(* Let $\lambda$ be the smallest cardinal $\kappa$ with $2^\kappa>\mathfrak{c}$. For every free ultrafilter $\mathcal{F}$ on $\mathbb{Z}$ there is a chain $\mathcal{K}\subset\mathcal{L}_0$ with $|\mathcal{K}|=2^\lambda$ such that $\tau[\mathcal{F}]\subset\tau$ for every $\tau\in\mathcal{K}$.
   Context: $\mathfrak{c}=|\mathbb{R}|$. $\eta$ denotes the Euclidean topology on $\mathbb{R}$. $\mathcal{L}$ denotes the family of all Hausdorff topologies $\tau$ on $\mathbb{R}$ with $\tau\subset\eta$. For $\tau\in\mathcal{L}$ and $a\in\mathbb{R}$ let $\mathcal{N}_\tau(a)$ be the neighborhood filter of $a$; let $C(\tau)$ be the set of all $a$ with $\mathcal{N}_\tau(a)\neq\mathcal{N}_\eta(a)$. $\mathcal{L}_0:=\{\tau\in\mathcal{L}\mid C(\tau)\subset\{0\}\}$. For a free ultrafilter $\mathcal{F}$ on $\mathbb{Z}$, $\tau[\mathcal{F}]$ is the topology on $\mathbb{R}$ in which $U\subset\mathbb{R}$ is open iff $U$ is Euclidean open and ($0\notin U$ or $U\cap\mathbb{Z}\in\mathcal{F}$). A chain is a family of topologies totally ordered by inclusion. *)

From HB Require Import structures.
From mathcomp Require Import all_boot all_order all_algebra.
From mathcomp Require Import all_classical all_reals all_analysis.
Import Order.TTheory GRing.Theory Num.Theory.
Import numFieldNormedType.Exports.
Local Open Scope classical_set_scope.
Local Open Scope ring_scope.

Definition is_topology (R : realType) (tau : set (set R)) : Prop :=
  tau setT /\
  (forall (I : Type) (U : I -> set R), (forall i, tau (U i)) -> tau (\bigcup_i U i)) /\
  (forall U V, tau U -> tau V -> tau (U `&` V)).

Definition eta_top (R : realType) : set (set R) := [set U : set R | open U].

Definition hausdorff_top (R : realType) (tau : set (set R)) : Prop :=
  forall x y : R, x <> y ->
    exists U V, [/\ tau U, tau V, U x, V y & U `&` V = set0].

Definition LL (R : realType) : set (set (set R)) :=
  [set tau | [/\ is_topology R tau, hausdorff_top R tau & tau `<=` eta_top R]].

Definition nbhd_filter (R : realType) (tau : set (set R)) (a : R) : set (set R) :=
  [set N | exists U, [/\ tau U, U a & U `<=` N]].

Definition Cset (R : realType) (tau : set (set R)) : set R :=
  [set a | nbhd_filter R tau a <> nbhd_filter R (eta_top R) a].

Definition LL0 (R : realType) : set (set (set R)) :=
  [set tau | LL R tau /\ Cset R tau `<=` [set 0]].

● ● ●

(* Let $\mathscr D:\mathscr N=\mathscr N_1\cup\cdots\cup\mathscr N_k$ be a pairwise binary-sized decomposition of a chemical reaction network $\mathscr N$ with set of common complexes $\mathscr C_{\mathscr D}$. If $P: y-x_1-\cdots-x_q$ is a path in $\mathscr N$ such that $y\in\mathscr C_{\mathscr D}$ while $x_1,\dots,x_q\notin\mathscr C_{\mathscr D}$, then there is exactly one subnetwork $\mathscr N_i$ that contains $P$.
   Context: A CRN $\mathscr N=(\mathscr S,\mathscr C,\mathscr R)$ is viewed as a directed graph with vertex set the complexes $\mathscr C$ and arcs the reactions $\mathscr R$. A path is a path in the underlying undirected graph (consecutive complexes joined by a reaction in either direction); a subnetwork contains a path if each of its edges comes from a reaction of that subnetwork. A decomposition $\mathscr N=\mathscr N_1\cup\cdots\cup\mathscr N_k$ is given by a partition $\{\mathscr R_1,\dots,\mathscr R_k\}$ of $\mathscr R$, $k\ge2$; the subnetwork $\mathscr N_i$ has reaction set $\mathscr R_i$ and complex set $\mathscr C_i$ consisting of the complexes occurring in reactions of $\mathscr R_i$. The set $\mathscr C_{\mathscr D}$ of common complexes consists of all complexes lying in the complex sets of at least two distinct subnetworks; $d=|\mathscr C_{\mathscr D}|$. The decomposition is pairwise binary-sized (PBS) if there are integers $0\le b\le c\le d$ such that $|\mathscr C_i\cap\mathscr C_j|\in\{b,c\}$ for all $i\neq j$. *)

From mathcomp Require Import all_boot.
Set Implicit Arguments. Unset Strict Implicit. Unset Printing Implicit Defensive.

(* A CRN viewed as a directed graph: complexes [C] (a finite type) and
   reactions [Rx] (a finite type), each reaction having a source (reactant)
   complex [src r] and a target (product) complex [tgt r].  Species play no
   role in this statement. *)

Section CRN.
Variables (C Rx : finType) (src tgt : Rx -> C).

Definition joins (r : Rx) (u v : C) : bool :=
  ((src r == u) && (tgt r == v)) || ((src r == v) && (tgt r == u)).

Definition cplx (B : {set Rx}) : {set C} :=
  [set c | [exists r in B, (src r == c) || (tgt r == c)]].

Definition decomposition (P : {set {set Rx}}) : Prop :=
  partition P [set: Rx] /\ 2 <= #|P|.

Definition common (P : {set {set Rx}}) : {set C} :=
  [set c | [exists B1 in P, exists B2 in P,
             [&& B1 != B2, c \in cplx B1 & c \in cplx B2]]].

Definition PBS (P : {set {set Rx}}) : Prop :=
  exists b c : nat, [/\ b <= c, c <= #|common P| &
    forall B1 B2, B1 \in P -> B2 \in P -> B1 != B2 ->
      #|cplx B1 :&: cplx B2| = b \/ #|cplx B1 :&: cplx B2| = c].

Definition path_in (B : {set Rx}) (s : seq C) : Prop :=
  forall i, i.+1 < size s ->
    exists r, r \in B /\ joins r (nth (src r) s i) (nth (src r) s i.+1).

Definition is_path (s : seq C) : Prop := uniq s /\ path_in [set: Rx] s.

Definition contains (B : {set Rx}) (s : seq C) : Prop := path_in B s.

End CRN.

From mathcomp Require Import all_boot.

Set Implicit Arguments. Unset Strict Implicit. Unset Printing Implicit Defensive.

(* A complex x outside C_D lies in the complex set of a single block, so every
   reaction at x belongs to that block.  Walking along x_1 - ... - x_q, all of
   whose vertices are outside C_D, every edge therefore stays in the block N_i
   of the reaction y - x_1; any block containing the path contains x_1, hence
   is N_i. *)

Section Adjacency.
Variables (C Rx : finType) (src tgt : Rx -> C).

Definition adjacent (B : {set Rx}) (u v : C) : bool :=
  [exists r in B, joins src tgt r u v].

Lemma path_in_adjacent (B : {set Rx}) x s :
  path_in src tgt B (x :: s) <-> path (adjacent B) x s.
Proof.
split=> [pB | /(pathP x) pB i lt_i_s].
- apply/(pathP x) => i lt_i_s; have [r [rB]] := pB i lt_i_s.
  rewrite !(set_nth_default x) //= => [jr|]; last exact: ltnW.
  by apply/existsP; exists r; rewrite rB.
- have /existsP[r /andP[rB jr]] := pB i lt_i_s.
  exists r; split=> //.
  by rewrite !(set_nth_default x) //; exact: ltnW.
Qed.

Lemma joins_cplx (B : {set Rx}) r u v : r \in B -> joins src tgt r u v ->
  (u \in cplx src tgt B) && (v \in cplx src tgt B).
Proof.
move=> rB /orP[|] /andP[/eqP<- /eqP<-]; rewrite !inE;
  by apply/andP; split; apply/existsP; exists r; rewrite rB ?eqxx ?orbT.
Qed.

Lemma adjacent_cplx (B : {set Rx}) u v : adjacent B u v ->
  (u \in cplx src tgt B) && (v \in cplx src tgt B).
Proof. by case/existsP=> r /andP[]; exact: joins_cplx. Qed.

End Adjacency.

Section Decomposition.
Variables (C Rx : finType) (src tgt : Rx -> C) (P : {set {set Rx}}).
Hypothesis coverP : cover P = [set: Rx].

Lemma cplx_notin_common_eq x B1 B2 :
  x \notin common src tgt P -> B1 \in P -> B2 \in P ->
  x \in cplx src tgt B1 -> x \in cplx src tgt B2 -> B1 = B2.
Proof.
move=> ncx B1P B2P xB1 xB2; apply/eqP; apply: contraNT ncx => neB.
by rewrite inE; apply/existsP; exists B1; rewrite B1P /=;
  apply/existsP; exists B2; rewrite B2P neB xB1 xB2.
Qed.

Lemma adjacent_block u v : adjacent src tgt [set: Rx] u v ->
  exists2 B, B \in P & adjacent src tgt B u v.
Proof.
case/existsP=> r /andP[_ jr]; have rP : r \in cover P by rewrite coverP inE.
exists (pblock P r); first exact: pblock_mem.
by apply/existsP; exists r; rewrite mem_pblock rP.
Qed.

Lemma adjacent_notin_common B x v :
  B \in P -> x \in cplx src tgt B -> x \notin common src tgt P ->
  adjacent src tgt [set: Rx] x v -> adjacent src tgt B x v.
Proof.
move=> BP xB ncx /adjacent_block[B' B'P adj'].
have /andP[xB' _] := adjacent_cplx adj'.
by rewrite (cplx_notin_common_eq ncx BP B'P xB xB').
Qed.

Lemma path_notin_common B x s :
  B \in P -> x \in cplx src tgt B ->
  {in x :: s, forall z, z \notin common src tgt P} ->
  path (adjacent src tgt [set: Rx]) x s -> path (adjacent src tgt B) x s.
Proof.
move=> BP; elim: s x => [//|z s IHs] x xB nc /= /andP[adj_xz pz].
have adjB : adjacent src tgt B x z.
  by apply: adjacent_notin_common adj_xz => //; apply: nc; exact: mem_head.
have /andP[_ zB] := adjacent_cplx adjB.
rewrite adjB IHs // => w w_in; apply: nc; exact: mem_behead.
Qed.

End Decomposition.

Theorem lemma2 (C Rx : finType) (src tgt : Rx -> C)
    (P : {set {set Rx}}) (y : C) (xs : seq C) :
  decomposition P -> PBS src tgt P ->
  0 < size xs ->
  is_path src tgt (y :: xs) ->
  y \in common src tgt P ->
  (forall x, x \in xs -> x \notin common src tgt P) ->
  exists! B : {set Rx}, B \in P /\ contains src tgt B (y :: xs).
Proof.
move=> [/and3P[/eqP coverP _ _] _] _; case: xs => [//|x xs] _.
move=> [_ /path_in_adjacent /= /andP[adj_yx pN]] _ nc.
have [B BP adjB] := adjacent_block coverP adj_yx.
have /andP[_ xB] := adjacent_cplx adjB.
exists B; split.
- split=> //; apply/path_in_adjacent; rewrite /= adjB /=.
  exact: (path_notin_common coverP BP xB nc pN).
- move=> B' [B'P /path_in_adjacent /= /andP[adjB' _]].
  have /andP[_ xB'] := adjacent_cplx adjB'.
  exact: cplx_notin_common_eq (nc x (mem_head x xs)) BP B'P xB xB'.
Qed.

● ● ●

Your task: Select from the material above each line in which the string "pathP" appears, and list those lines.

Result of this exercise:
split=> [pB | /(pathP x) pB i lt_i_s].
- apply/(pathP x) => i lt_i_s; have [r [rB]] := pB i lt_i_s.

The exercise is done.